Your objective:
Repeat exactly, and only, the lines below starting at the line that contains "evaluated on a" and ending at the line that contains "the carries never", inclusive of both.

Stored data
(* Assume $\chi=\chi_1\chi_2^{-1}$ is weakly generic. Let $\sigma=\sigma_{a,b}\in W^{\exp}(\chi_1\oplus\chi_2)$ be such that $\mathcal{S}(\chi_1,\chi_2,\sigma)$ is non-empty, and let $(J,x)$ be its unique maximal element. Define $c_\tau=n_\tau+e-1-2x_\tau$ for $\tau\in\Sigma$ (so $c_\tau\in[1,p-1]$) and $r=r(J,c)$. Then $a_\tau-b_\tau+1=r_\tau$ for all $\tau$, except in the following two cases: (i) $J=\Sigma$, $n_\tau=e$ and $x_\tau=e-1$ for all $\tau$; (ii) $J=\varnothing$, $n_\tau=p-1-e$ and $x_\tau=0$ for all $\tau$. In cases (i) and (ii) there is the additional possibility that $a_\tau-b_\tau+1=p$ for all $\tau$ (and otherwise $a_\tau-b_\tau+1=r_\tau$ for all $\tau$). Furthermore, $r(J,c)$ is independent of the choice of $\tau_0$ in its definition.
   Context: Let $p$ be a prime and $K/\mathbf{Q}_p$ finite with residue field $k$, residue degree $f$ and ramification index $e$; $I_K$ is the inertia subgroup of $G_K$. Fix a uniformiser $\pi$ and $\varpi\in\overline{K}$ with $\varpi^{p^f-1}=\pi$; $\omega\colon G_K\to k^\times$ sends $g$ to the reduction of $g(\varpi)/\varpi$. Let $\Sigma=\mathrm{Hom}_{\mathbf{F}_p}(k,\overline{\mathbf{F}}_p)$, $\varphi(x)=x^p$ on $k$, $\omega_\tau=\tau\circ\omega$. For $a\in\mathbf{Z}^\Sigma$, $\Omega_{\tau,a}=\sum_{i=0}^{f-1}p^ia_{\tau\circ\varphi^i}$. $\chi_1,\chi_2\colon G_K\to\overline{\mathbf{F}}_p^\times$ are continuous characters, $\chi=\chi_1\chi_2^{-1}=\psi\prod_\tau\omega_\tau^{n_\tau}$ with $\psi$ unramified, $n_\tau\in[1,p]$, some $n_\tau<p$ (this determines $n$). Weakly generic: $n_\tau\in[e,p-e]$ for all $\tau$. Serre weight $\sigma_{a,b}=\bigotimes_\tau(\det^{b_\tau}\otimes\mathrm{Sym}^{a_\tau-b_\tau}k^2)\otimes_{k,\tau}\overline{\mathbf{F}}_p$ for $a,b\in\mathbf{Z}^\Sigma$ with $a_\tau-b_\tau\in[0,p-1]$; $\sigma_{a,b}\cong\sigma_{a',b'}$ iff $a-b=a'-b'$ and $\Omega_{\tau,b}\equiv\Omega_{\tau,b'}\pmod{p^f-1}$. $W^{\exp}(\chi_1\oplus\chi_2)$: $\sigma_{a,b}$ belongs to it iff there exist $J\subseteq\Sigma$ and $x_\tau\in[0,e-1]$ with $(\chi_1\oplus\chi_2)|_{I_K}\cong\prod_{\tau\in J}\omega_\tau^{a_\tau+1+x_\tau}\prod_{\tau\notin J}\omega_\tau^{b_\tau+x_\tau}\oplus\prod_{\tau\notin J}\omega_\tau^{a_\tau+e-x_\tau}\prod_{\tau\in J}\omega_\tau^{b_\tau+e-1-x_\tau}$. $\mathcal{S}(\chi_1,\chi_2,\sigma)$: pairs $(J,x)$, $J\subseteq\Sigma$, $x_\tau\in[0,e-1]$, with $\chi_1|_{I_K}=\prod_{\tau\in J}\omega_\tau^{a_\tau+1+x_\tau}\prod_{\tau\notin J}\omega_\tau^{b_\tau+x_\tau}$ and $\chi_2|_{I_K}=\prod_{\tau\notin J}\omega_\tau^{a_\tau+e-x_\tau}\prod_{\tau\in J}\omega_\tau^{b_\tau+e-1-x_\tau}$. With $s(J,x)_\tau=a_\tau-b_\tau+1+x_\tau$ ($\tau\in J$), $=x_\tau$ ($\tau\notin J$), order by $(J,x)\preceq(J',x')$ iff $\Omega_{\tau,s(J',x')-s(J,x)}\in(p^f-1)\mathbf{Z}_{\ge0}$ for all $\tau$; a non-empty $\mathcal{S}$ has a unique maximal element. $\delta_J$ and $r(J,c)$: for $(x,\tau)\in\mathbf{Z}^\Sigma\times\Sigma$, $y=\delta_J(x,\tau)$ equals $x$ if $1\le x_\tau\le p$; if $x_\tau\le0$ (resp. $x_\tau>p$) then $y_\tau=x_\tau+p$ (resp. $x_\tau-p$), $y_{\tau\circ\varphi}=x_{\tau\circ\varphi}-1$ if $\tau\circ\varphi\notin J$ and $x_{\tau\circ\varphi}+1$ if $\tau\circ\varphi\in J$, other entries unchanged. For $c_\tau\in[1,p-1]$ let $y_{0,\tau}=c_\tau$, $c_\tau+1$, $p-c_\tau$, $p-1-c_\tau$ according as ($\tau\in J,\tau\circ\varphi^{-1}\in J$), ($\tau\in J,\tau\circ\varphi^{-1}\notin J$), ($\tau\notin J,\tau\circ\varphi^{-1}\in J$), ($\tau\notin J,\tau\circ\varphi^{-1}\notin J$). If all $y_{0,\tau}>0$, $r(J,c)=y_0$; otherwise choose $\tau_0$ with $y_{0,\tau_0}=0$, put $y_\kappa=\delta_J(y_{\kappa-1},\tau_0\circ\varphi^{\kappa-1})$ for $\kappa=1,\dots,f$, and $r(J,c)=y_f$. *)

From HB Require Import structures.
From mathcomp Require Import all_boot all_order all_algebra.
Set Implicit Arguments. Unset Strict Implicit. Unset Printing Implicit Defensive.
Import Order.TTheory GRing.Theory Num.Theory.
Local Open Scope ring_scope.

(* Sigma = Hom(k, Fpbar) is parametrised by 'I_f : index i stands for
   tau_i := tau0 \o phi^i.  Then tau_i \o phi = tau_{i+1 mod f} (ordS),
   tau_i \o phi^{-1} = tau_{i-1 mod f} (ord_pred). *)

Definition phi_shift (f : nat) (i : nat) (t : 'I_f) : 'I_f := iter i (@ordS f) t.

Definition Omega (p f : nat) (a : 'I_f -> int) (t : 'I_f) : int :=
  \sum_(i < f) (p ^ i)%N%:Z * a (phi_shift i t).

(* omega_{tau_i}(g) = tau0 \o phi^i (omega g) *)
Definition omega_tau (k L : fieldType) (tau0 : {rmorphism k -> L}) (p f : nat)
  (G : Type) (om : G -> k) (i : 'I_f) (g : G) : L :=
  tau0 (om g ^+ (p ^ i)%N).

Definition omprod (k L : fieldType) (tau0 : {rmorphism k -> L}) (p f : nat)
  (G : Type) (om : G -> k) (A : {set 'I_f}) (m : 'I_f -> int) (g : G) : L :=
  \prod_(i in A) (omega_tau tau0 p om i g) ^ (m i).

(* continuous character G -> Fpbar^x (G abstract) *)
Definition is_char (L : fieldType) (G : Type) (mulG : G -> G -> G) (chi : G -> L) :=
  (forall g, chi g != 0) /\ (forall g h, chi (mulG g h) = chi g * chi h).

Definition diag2 (L : fieldType) (G : Type) (al be : G -> L) (g : G) : 'M[L]_2 :=
  diag_mx (\row_(i < 2) (if i == ord0 then al g else be g)).

Definition rep_iso (L : fieldType) (G : Type) (I : G -> Prop) (r1 r2 : G -> 'M[L]_2) :=
  exists2 P : 'M[L]_2, P \in unitmx & forall g, I g -> P *m r1 g = r2 g *m P.

Definition ch1 (k L : fieldType) (tau0 : {rmorphism k -> L}) (p f : nat)
  (G : Type) (om : G -> k) (a b : 'I_f -> int) (J : {set 'I_f}) (x : 'I_f -> int) (g : G) : L :=
  omprod tau0 p om J (fun t => a t + 1 + x t) g * omprod tau0 p om (~: J) (fun t => b t + x t) g.

Definition ch2 (k L : fieldType) (tau0 : {rmorphism k -> L}) (p f e : nat)
  (G : Type) (om : G -> k) (a b : 'I_f -> int) (J : {set 'I_f}) (x : 'I_f -> int) (g : G) : L :=
  omprod tau0 p om (~: J) (fun t => a t + e%:Z - x t) g
  * omprod tau0 p om J (fun t => b t + e%:Z - 1 - x t) g.

Definition x_ok (f e : nat) (x : 'I_f -> int) := forall t, 0 <= x t <= e%:Z - 1.

Definition in_Wexp (k L : fieldType) (tau0 : {rmorphism k -> L}) (p f e : nat)
  (G : Type) (I : G -> Prop) (om : G -> k) (chi1 chi2 : G -> L) (a b : 'I_f -> int) :=
  exists J : {set 'I_f}, exists x : 'I_f -> int, x_ok e x /\
    rep_iso I (diag2 chi1 chi2) (diag2 (ch1 tau0 p om a b J x) (ch2 tau0 p e om a b J x)).

Definition in_S (k L : fieldType) (tau0 : {rmorphism k -> L}) (p f e : nat)
  (G : Type) (I : G -> Prop) (om : G -> k) (chi1 chi2 : G -> L) (a b : 'I_f -> int)
  (J : {set 'I_f}) (x : 'I_f -> int) :=
  x_ok e x /\
  (forall g, I g -> chi1 g = ch1 tau0 p om a b J x g) /\
  (forall g, I g -> chi2 g = ch2 tau0 p e om a b J x g).

Definition sJx (f : nat) (a b : 'I_f -> int) (J : {set 'I_f}) (x : 'I_f -> int) (t : 'I_f) : int :=
  if t \in J then a t - b t + 1 + x t else x t.

Definition leS (p f : nat) (a b : 'I_f -> int) (J : {set 'I_f}) (x : 'I_f -> int)
  (J' : {set 'I_f}) (x' : 'I_f -> int) :=
  forall t, 0 <= Omega p (fun u => sJx a b J' x' u - sJx a b J x u) t /\
            ((p ^ f - 1)%N%:Z %| Omega p (fun u => sJx a b J' x' u - sJx a b J x u) t)%Z.

Definition maxS (f : nat) (P : {set 'I_f} -> ('I_f -> int) -> Prop)
  (le : {set 'I_f} -> ('I_f -> int) -> {set 'I_f} -> ('I_f -> int) -> Prop)
  (J : {set 'I_f}) (x : 'I_f -> int) :=
  P J x /\ forall J' x', P J' x' -> le J x J' x' -> J' = J /\ (forall t, x' t = x t).

Definition unique_maxS (f : nat) (P : {set 'I_f} -> ('I_f -> int) -> Prop)
  (le : {set 'I_f} -> ('I_f -> int) -> {set 'I_f} -> ('I_f -> int) -> Prop)
  (J : {set 'I_f}) (x : 'I_f -> int) :=
  maxS P le J x /\
  forall J' x', maxS P le J' x' -> J' = J /\ (forall t, x' t = x t).

Definition y0 (p f : nat) (J : {set 'I_f}) (c : 'I_f -> int) (t : 'I_f) : int :=
  if t \in J then (if ord_pred t \in J then c t else c t + 1)
  else (if ord_pred t \in J then p%:Z - c t else p%:Z - 1 - c t).

(* delta_J(y, t); when f = 1 (t \o phi = t) both modifications are added *)
Definition deltaJ (p f : nat) (J : {set 'I_f}) (y : 'I_f -> int) (t : 'I_f) : 'I_f -> int :=
  fun u =>
    if (1 <= y t) && (y t <= p%:Z) then y u
    else y u + (if u == t then (if y t <= 0 then p%:Z else - p%:Z) else 0)
             + (if u == ordS t then (if ordS t \in J then 1 else -1) else 0).

Fixpoint ysteps (p f : nat) (J : {set 'I_f}) (c : 'I_f -> int) (t0 : 'I_f) (kap : nat)
  : 'I_f -> int :=
  match kap with
  | 0%N => y0 p J c
  | kap'.+1 => deltaJ p J (ysteps p J c t0 kap') (phi_shift kap' t0)
  end.

Definition rJc (p f : nat) (J : {set 'I_f}) (c : 'I_f -> int) (t0 : 'I_f) : 'I_f -> int :=
  if [forall t, 0 < y0 p J c t] then y0 p J c else ysteps p J c t0 f.

Definition t0_ok (p f : nat) (J : {set 'I_f}) (c : 'I_f -> int) (t0 : 'I_f) :=
  (forall t, 0 < y0 p J c t) \/ y0 p J c t0 = 0.

From HB Require Import structures.
From mathcomp Require Import all_boot all_order all_algebra cyclic finfield.
From mathcomp Require Import zify ring lra.
Import Order.TTheory GRing.Theory Num.Theory.
Local Open Scope ring_scope.
Set Implicit Arguments. Unset Strict Implicit. Unset Printing Implicit Defensive.

(* Both w := a - b + 1 and r := r(J, c) have entries in [1, p] and solve the
   congruence  sum_i p^i (eps_i v_i - c_i) = 0  mod p^f - 1,  eps_i = +-1 as
   tau_i is in J or not: for w this is the identity chi1/chi2 = psi omega^n
   evaluated on a generator of the inertia image, for r it holds for y_0 and is
   preserved by every carry step delta_J.  The difference eps (w - r) is then
   the digit vector of a multiple of p^f - 1 with digits in [-(p-1), p-1], so
   it is 0 or constant +-(p-1): either w = r, or w and r are "antipodal" (one
   equals p where the other equals 1, according to J).  Off J, y_0 < p, and
   the carries never leave p at both tau_0 and tau_0 phi^-1 (both off J); so
   if r is p off J, then J = Sigma and r = y_0 = c = 1: case (i).  If w is
   p off J, maximality of (J, x) forces J = {} (otherwise moving a boundary
   index into J gives a larger element of S); then r = 1 gives y_0 = p-1-c = 1,
   i.e. case (ii), unless p = 2, where (Sigma, x) would be larger.  Comparing
   two choices of tau_0 in the same way shows that r(J, c) does not depend on
   the choice. *)

Definition Omega0 (p : nat) {f : nat} (m : 'I_f -> int) : int :=
  \sum_(i < f) (p ^ i)%N%:Z * m i.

Result of the exercise:
   evaluated on a generator of the inertia image, for r it holds for y_0 and is
   preserved by every carry step delta_J.  The difference eps (w - r) is then
   the digit vector of a multiple of p^f - 1 with digits in [-(p-1), p-1], so
   it is 0 or constant +-(p-1): either w = r, or w and r are "antipodal" (one
   equals p where the other equals 1, according to J).  Off J, y_0 < p, and
   the carries never leave p at both tau_0 and tau_0 phi^-1 (both off J); so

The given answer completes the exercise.